**PROBLEM DETAILS:** Work through the data below and copy out every line where "forced" is found.

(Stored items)
------------------------------------------------
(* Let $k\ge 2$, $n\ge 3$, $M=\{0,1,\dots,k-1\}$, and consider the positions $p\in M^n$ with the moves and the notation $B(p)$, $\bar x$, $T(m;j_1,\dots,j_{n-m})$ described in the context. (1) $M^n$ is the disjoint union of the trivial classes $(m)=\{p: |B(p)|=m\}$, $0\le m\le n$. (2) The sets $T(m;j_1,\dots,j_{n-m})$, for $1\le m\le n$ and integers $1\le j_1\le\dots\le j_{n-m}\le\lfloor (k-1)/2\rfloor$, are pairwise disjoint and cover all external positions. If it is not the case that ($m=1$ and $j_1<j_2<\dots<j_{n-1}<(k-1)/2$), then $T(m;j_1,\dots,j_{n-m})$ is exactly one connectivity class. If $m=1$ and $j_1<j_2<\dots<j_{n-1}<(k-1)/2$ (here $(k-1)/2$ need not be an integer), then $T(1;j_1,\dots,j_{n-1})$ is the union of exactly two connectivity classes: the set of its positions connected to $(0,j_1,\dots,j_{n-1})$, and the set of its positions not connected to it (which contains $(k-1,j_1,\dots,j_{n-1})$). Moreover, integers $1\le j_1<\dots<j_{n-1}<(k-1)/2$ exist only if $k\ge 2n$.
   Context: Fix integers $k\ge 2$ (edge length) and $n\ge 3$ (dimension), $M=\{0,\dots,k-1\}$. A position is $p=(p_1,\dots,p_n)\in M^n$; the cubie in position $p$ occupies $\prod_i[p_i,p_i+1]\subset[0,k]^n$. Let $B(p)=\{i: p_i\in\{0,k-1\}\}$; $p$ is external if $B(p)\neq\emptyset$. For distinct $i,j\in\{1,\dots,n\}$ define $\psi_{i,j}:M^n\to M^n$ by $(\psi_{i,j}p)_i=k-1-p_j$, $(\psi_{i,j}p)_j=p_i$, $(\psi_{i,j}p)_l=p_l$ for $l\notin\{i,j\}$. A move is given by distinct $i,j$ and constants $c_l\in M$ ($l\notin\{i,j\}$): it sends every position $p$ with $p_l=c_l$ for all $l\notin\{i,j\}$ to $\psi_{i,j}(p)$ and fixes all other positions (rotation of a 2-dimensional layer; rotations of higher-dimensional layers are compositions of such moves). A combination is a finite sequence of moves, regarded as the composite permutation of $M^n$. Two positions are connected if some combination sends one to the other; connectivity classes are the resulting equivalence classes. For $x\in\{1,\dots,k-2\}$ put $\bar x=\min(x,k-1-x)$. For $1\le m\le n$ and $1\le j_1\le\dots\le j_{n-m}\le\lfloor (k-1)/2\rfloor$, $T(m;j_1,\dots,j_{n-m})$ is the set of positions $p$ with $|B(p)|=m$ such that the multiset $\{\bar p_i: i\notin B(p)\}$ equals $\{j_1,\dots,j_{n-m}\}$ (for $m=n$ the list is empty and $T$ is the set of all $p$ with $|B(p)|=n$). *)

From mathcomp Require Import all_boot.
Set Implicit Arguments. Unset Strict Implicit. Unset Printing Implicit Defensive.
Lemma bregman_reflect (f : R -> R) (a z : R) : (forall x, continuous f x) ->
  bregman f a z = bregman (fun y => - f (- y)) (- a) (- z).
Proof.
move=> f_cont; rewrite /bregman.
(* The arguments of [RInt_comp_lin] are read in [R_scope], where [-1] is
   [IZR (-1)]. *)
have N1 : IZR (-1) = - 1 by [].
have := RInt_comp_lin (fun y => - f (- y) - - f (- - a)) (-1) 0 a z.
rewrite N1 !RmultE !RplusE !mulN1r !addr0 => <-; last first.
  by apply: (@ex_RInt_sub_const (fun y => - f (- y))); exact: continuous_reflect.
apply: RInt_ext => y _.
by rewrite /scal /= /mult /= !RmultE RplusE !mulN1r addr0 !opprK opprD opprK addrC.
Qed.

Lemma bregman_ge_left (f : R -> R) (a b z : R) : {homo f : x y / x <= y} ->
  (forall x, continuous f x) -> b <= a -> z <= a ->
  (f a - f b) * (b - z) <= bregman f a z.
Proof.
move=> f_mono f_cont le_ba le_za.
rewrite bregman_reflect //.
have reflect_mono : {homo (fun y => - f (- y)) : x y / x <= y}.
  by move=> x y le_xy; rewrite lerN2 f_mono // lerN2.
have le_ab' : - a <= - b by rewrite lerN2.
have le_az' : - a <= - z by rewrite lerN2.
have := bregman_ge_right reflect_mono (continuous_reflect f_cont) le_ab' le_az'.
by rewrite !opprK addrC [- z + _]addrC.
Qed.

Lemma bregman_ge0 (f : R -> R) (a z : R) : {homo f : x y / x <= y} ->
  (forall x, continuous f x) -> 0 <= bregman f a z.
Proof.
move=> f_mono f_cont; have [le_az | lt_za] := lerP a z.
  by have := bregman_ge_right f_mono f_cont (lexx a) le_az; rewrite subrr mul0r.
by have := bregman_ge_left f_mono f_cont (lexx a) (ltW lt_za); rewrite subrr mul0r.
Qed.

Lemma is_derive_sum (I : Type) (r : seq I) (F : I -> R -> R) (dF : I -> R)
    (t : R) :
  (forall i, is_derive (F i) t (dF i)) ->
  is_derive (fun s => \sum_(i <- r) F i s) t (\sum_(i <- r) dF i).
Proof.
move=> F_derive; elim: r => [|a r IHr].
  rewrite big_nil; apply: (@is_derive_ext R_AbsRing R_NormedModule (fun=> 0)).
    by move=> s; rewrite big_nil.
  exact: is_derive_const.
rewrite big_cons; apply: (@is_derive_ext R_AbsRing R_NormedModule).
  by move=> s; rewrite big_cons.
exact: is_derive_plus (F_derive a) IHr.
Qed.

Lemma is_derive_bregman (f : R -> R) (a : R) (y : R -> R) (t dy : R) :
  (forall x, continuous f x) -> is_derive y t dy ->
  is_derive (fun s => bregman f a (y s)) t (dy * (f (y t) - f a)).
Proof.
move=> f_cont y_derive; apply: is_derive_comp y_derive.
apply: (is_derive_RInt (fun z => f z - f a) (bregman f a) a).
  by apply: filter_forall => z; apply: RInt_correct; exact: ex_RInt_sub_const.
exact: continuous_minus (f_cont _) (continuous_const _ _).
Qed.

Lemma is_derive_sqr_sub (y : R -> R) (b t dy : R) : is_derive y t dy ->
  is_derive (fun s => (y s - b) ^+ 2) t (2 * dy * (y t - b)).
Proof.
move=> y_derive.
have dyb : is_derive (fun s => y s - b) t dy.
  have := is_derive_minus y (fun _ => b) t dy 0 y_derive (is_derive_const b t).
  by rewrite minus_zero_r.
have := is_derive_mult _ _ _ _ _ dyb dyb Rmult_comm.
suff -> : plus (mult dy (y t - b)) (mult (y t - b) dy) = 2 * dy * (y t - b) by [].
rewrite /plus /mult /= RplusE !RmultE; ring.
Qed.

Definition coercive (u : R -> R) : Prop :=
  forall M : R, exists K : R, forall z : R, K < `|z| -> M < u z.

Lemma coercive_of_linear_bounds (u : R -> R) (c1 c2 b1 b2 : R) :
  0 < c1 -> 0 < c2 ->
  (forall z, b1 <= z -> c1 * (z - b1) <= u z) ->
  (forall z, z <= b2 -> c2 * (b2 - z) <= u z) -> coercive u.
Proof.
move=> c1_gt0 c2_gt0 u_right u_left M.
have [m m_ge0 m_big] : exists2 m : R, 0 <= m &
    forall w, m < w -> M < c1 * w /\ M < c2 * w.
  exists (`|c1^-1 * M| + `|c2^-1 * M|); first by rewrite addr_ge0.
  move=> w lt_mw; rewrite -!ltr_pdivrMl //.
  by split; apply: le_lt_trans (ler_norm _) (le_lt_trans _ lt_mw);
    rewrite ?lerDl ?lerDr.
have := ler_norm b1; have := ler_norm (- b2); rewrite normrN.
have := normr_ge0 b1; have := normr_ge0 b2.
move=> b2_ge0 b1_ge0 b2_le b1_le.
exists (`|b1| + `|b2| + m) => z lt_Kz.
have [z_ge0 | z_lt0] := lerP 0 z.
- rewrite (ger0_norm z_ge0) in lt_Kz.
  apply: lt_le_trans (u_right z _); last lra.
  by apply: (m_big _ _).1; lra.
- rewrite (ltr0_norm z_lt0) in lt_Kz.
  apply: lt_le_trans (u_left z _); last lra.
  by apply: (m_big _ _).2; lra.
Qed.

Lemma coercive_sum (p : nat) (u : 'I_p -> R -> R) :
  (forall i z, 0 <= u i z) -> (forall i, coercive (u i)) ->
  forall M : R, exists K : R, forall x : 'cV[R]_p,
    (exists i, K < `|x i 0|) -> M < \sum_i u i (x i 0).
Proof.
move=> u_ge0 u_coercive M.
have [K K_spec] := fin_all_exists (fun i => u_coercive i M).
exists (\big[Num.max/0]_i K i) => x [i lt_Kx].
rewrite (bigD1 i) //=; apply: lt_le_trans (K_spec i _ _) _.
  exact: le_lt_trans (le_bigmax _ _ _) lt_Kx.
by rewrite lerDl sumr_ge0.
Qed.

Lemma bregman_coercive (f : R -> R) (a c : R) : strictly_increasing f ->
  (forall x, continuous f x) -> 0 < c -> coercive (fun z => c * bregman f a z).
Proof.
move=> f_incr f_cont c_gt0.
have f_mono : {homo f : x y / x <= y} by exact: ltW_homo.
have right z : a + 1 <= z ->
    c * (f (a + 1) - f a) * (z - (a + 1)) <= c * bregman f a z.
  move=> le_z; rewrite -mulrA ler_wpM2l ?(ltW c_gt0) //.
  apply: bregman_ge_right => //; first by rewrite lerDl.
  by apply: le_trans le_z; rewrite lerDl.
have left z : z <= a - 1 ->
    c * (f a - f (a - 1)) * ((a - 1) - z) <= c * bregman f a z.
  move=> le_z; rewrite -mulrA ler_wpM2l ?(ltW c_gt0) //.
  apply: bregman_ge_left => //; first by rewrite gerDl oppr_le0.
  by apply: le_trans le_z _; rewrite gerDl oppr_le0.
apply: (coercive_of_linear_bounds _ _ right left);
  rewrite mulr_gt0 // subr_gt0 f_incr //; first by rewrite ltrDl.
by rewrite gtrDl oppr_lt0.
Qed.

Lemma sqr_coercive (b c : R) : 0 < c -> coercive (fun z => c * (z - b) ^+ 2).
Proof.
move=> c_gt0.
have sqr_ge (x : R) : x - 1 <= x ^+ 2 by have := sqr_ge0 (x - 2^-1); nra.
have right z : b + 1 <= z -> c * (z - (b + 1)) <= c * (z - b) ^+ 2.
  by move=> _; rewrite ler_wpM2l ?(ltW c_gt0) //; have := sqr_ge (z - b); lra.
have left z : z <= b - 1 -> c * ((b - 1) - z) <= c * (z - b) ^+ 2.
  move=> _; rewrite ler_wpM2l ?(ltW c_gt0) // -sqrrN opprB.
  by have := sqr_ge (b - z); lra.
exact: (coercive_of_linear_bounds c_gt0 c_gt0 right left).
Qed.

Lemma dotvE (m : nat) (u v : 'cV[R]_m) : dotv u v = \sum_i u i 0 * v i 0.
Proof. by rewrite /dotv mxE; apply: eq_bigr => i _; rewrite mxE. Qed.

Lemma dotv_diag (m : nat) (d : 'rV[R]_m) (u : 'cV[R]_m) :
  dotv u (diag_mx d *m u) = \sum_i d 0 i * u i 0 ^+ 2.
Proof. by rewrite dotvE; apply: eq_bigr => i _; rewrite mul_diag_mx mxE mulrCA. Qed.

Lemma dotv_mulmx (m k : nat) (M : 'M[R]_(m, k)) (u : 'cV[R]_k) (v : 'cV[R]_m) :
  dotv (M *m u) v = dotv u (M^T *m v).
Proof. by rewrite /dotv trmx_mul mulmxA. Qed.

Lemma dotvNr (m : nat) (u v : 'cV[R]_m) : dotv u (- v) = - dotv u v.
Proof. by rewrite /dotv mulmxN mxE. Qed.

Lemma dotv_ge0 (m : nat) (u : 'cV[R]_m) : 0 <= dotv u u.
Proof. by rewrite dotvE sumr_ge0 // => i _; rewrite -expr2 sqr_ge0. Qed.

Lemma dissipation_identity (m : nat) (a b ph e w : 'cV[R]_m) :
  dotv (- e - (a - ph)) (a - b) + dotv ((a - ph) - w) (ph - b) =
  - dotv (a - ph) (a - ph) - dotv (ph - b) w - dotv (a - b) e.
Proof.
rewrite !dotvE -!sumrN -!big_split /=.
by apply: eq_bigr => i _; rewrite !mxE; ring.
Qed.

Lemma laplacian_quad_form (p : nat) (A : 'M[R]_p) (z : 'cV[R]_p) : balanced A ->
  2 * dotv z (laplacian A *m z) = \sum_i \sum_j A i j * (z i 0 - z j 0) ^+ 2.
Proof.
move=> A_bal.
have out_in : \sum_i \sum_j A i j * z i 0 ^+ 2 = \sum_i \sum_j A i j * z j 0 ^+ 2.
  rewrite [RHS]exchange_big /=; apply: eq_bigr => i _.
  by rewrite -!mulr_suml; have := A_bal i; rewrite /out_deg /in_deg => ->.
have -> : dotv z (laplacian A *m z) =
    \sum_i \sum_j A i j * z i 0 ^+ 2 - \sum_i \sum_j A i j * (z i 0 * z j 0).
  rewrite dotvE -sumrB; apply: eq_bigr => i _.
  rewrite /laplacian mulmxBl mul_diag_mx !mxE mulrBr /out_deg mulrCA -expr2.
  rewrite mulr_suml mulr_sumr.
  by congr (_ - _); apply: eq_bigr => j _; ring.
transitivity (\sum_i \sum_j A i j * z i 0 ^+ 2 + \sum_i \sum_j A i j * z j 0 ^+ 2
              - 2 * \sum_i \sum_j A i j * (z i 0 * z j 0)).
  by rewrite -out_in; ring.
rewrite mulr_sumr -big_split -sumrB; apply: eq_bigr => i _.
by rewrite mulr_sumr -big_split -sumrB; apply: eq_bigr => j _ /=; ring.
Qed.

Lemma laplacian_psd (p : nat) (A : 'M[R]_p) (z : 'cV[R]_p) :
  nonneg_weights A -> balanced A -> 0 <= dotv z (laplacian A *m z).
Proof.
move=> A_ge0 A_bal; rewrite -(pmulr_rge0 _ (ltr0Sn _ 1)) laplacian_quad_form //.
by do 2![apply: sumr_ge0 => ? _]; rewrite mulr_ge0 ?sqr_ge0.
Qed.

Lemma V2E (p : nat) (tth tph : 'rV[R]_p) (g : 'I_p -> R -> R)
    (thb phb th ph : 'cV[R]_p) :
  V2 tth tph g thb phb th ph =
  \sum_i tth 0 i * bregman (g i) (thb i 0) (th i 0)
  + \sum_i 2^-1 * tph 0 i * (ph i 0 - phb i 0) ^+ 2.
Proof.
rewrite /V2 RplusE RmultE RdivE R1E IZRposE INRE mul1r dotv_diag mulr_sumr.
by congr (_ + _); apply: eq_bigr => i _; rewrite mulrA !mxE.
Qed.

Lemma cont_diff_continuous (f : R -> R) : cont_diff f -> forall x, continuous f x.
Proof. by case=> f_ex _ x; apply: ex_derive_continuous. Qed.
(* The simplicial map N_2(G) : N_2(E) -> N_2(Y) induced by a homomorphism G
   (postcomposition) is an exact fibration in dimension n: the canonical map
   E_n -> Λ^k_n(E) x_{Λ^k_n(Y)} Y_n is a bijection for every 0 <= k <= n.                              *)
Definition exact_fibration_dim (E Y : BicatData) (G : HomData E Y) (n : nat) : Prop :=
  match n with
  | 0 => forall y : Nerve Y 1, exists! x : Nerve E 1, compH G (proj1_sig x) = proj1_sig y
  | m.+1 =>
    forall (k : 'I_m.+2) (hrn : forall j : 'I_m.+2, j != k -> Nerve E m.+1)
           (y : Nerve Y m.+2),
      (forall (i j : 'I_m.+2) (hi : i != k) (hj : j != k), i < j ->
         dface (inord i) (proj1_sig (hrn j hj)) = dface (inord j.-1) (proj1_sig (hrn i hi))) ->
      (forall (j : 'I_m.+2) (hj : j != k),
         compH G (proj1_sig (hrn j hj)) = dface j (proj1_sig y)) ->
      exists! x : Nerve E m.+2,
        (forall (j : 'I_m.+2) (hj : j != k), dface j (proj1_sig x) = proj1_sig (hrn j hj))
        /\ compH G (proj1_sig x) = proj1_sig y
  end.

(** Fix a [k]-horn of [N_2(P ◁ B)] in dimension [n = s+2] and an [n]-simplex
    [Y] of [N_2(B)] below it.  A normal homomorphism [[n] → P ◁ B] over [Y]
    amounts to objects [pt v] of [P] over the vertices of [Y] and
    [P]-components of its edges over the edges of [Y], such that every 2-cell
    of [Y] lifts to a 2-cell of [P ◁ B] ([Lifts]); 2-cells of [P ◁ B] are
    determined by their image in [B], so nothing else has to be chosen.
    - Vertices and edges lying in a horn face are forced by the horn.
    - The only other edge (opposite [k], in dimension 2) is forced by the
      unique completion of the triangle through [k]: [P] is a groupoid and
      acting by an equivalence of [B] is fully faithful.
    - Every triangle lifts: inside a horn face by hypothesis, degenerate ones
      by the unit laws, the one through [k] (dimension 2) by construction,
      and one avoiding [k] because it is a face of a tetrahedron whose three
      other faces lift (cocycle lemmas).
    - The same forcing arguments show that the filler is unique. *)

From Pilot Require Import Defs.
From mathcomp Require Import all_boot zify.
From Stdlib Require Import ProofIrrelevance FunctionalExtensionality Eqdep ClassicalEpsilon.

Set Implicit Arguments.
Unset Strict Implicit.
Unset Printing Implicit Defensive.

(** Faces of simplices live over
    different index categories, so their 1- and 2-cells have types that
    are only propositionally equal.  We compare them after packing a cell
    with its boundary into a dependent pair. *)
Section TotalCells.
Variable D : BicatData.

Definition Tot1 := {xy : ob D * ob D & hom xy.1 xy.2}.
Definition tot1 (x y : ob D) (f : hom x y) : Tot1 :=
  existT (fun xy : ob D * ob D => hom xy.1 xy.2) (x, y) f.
------------------------------------------------
**RESPONSE BOX:**
    - Vertices and edges lying in a horn face are forced by the horn.
    - The only other edge (opposite [k], in dimension 2) is forced by the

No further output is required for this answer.